Work item:
Only the lines below from the one containing "exactly when none" to the one containing "square a b d e ==>" should be repeated, both included and unchanged.
::: Input for this task :::
Lemma card_words_mx n :
  #|words n|%:R = (first_row *m transfer_mx ^+ n *m last_col) 0 0.
Proof.
rewrite card_wordsE -mulmxA mxE natr_sum -sum_enum_val.
by apply: eq_bigr => i _; rewrite natrM walks_from_mx enum_valK [first_row _ _]mxE.
Qed.

Lemma rational_gf_card_words (a : nat -> nat) :
  (forall n, a n.+1 = #|words n|) -> rational_gf a.
Proof.
move=> a_words; pose chi := char_poly transfer_mx.
apply: (@rational_gf_of_recurrence _ #|S| 1 chi).
  have := char_poly_monic transfer_mx; rewrite qualifE => /eqP.
  by rewrite lead_coefE size_char_poly.
move=> n n_gt0; rewrite -[RHS](char_poly_recurrence transfer_mx first_row last_col n.-1).
apply: eq_bigr => j _; congr (_ * _).
by rewrite -card_words_mx -a_words; congr (a _)%:R; lia.
Qed.

End TransferMatrix.

Local Close Scope ring_scope.

Section Grid.
Variables r c : nat.
Local Notation cell := (cell r c).

(* [dir x y] is 1, 2, 3 or 4 when y is the right, left, lower or upper
   neighbour of x, and 0 when y is not a neighbour of x. *)
Definition dir (x y : cell) : nat :=
  if (x.1 == y.1 :> nat) && (y.2 == (x.2).+1 :> nat) then 1
  else if (x.1 == y.1 :> nat) && (x.2 == (y.2).+1 :> nat) then 2
  else if (y.1 == (x.1).+1 :> nat) && (x.2 == y.2 :> nat) then 3
  else if (x.1 == (y.1).+1 :> nat) && (x.2 == y.2 :> nat) then 4 else 0.

Lemma eq_cell (x y : cell) : (x.1 : nat) = y.1 -> (x.2 : nat) = y.2 -> x = y.
Proof. by case: x y => [a b] [a' b'] /= /val_inj -> /val_inj ->. Qed.

Ltac dir_cases := rewrite /dir; repeat (case: ifP => /=); try (move=> *; lia).

Lemma dir_le4 x y : dir x y <= 4.
Proof. dir_cases. Qed.

Lemma dirxx x : dir x x = 0.
Proof. dir_cases. Qed.

Lemma dir_inj x y z : 0 < dir x y -> dir x y = dir x z -> y = z.
Proof. by move=> dxy_gt0 dxy_xz; apply: eq_cell; move: dxy_gt0 dxy_xz; dir_cases. Qed.

Lemma dir_gt0_sym x y : 0 < dir x y -> 0 < dir y x.
Proof. dir_cases. Qed.

Lemma dir_gt0_neq x y : 0 < dir x y -> x != y.
Proof. by apply: contraTneq => ->; rewrite dirxx. Qed.

Lemma adjacent_dir x y : adjacent x y = (dir x y == 1) || (dir x y == 3).
Proof. rewrite /adjacent; dir_cases. Qed.

Lemma adjacent_dir_gt0 x y : adjacent x y -> 0 < dir x y.
Proof. rewrite adjacent_dir; dir_cases. Qed.

Lemma dir_coord x y :
  [/\ dir x y = 1 -> (y.1 : nat) = x.1 /\ (y.2 : nat) = (x.2).+1,
      dir x y = 2 -> (y.1 : nat) = x.1 /\ (x.2 : nat) = (y.2).+1,
      dir x y = 3 -> (y.1 : nat) = (x.1).+1 /\ (y.2 : nat) = x.2 &
      dir x y = 4 -> (x.1 : nat) = (y.1).+1 /\ (y.2 : nat) = x.2].
Proof. split; dir_cases. Qed.

Definition square (a b d e : cell) : bool :=
  [&& nat_of_ord b.1 == a.1, (b.2 : nat) == (a.2).+1,
      (d.1 : nat) == (a.1).+1, nat_of_ord d.2 == a.2,
      (e.1 : nat) == (a.1).+1 & (e.2 : nat) == (a.2).+1].

Lemma square_dir a b d e : square a b d e ->
  [/\ dir a b = 1, dir a d = 3 & dir a e = 0] /\ [/\ dir b d = 0, dir b e = 3 & dir d e = 1].
Proof.
case/andP => /eqP h1 /and5P [/eqP h2 /eqP h3 /eqP h4 /eqP h5 /eqP h6].
split; split; dir_cases.
Qed.

Lemma square_neq a b d e : square a b d e -> (a != e) && (b != d).
Proof.
case/andP => /eqP h1 /and5P [/eqP h2 /eqP h3 /eqP h4 /eqP h5 /eqP h6].
by apply/andP; split; apply/eqP => h; subst; lia.
Qed.

(* The centre of a square  a b / d e  is a corner of four distinct tiles
   exactly when none of the dimers a-b, a-d, b-e, d-e is present. *)
Definition tatami_labelling (f : cell -> nat) : bool :=
  [&& [forall x, (0 < f x) ==> [exists y, dir x y == f x]],
      [forall x, forall y, ((0 < f x) && (dir x y == f x)) ==> (f y == dir y x)] &
      [forall a, forall b, forall d, forall e,
         square a b d e ==> [|| f a == 1, f a == 3, f b == 3 | f d == 1]]].

Definition partner_dir (P : {set {set cell}}) (x : cell) : nat :=
  if [pick y in pblock P x | 0 < dir x y] is Some y then dir x y else 0.

Definition tile_of (f : cell -> nat) (x : cell) : {set cell} :=
  x |: [set y | (0 < f x) && (dir x y == f x)].

Lemma partner_dir_le4 P x : partner_dir P x <= 4.
Proof. by rewrite /partner_dir; case: pickP => // y _; apply: dir_le4. Qed.

Section Tiling.
Variable P : {set {set cell}}.
Hypothesis tiling_P : is_tiling P.

Lemma tiling_trivIset : trivIset P.
Proof. by case/andP: tiling_P => /and3P []. Qed.

Lemma tiling_cover : cover P = [set: cell].
Proof. by case/andP: tiling_P => /and3P [/eqP]. Qed.

Lemma tiling_set0 : set0 \notin P.
Proof. by case/andP: tiling_P => /and3P []. Qed.

Lemma mem_pblock_tiling x : x \in pblock P x.
Proof. by rewrite mem_pblock tiling_cover inE. Qed.

Lemma pblock_tiling x : pblock P x \in P.
Proof. by apply: pblock_mem; rewrite tiling_cover inE. Qed.

Lemma pblock_shape x : pblock P x = [set x] \/
  exists2 y, 0 < dir x y & pblock P x = [set x; y].
Proof.
have := mem_pblock_tiling x.
case/andP: tiling_P => _ /forallP /(_ (pblock P x)); rewrite pblock_tiling /=.
case/orP => [/existsP [x0 /eqP ->] /set1P -> | ]; first by left.
case/existsP => x0 /existsP [y0 /andP [adj /eqP ->]] /set2P [->|->]; right.
  by exists y0 => //; apply: adjacent_dir_gt0.
by exists x0; [apply/dir_gt0_sym/adjacent_dir_gt0 | rewrite setUC].
Qed.

Lemma partner_dir_monomer x : pblock P x = [set x] -> partner_dir P x = 0.
Proof.
move=> Px; rewrite /partner_dir; case: pickP => // y /andP [].
by rewrite Px => /set1P ->; rewrite dirxx.
Qed.

Lemma partner_dir_dimer x y :
  0 < dir x y -> pblock P x = [set x; y] -> partner_dir P x = dir x y.
Proof.
move=> dxy_gt0 Px; rewrite /partner_dir; case: pickP => [z /andP []|].
  by rewrite Px => /set2P [->|-> //]; rewrite dirxx.
by move/(_ y); rewrite Px set22 dxy_gt0.
Qed.

Lemma pblock_tile_of x : pblock P x = tile_of (partner_dir P) x.
Proof.
case: (pblock_shape x) => [Px | [y dxy_gt0 Px]].
  by rewrite Px /tile_of partner_dir_monomer //; apply/setP => z; rewrite !inE orbF.
rewrite Px /tile_of (partner_dir_dimer dxy_gt0 Px) dxy_gt0 /=.
apply/setP => z; rewrite !inE; congr (_ || _).
by apply/eqP/eqP => [->//|/esym dxy_xz]; apply/esym/(dir_inj dxy_gt0 dxy_xz).
Qed.

Lemma same_pblock_partner u w : u != w -> pblock P u = pblock P w ->
  0 < partner_dir P u /\ dir u w = partner_dir P u.
Proof.
move=> neq_uw Pu_w; have : w \in pblock P u by rewrite Pu_w mem_pblock_tiling.
rewrite pblock_tile_of => /setU1P [eq_wu|]; first by rewrite eq_wu eqxx in neq_uw.
by rewrite inE => /andP [-> /eqP].
Qed.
:::
Worked solution:
   exactly when none of the dimers a-b, a-d, b-e, d-e is present. *)
Definition tatami_labelling (f : cell -> nat) : bool :=
  [&& [forall x, (0 < f x) ==> [exists y, dir x y == f x]],
      [forall x, forall y, ((0 < f x) && (dir x y == f x)) ==> (f y == dir y x)] &
      [forall a, forall b, forall d, forall e,
         square a b d e ==> [|| f a == 1, f a == 3, f b == 3 | f d == 1]]].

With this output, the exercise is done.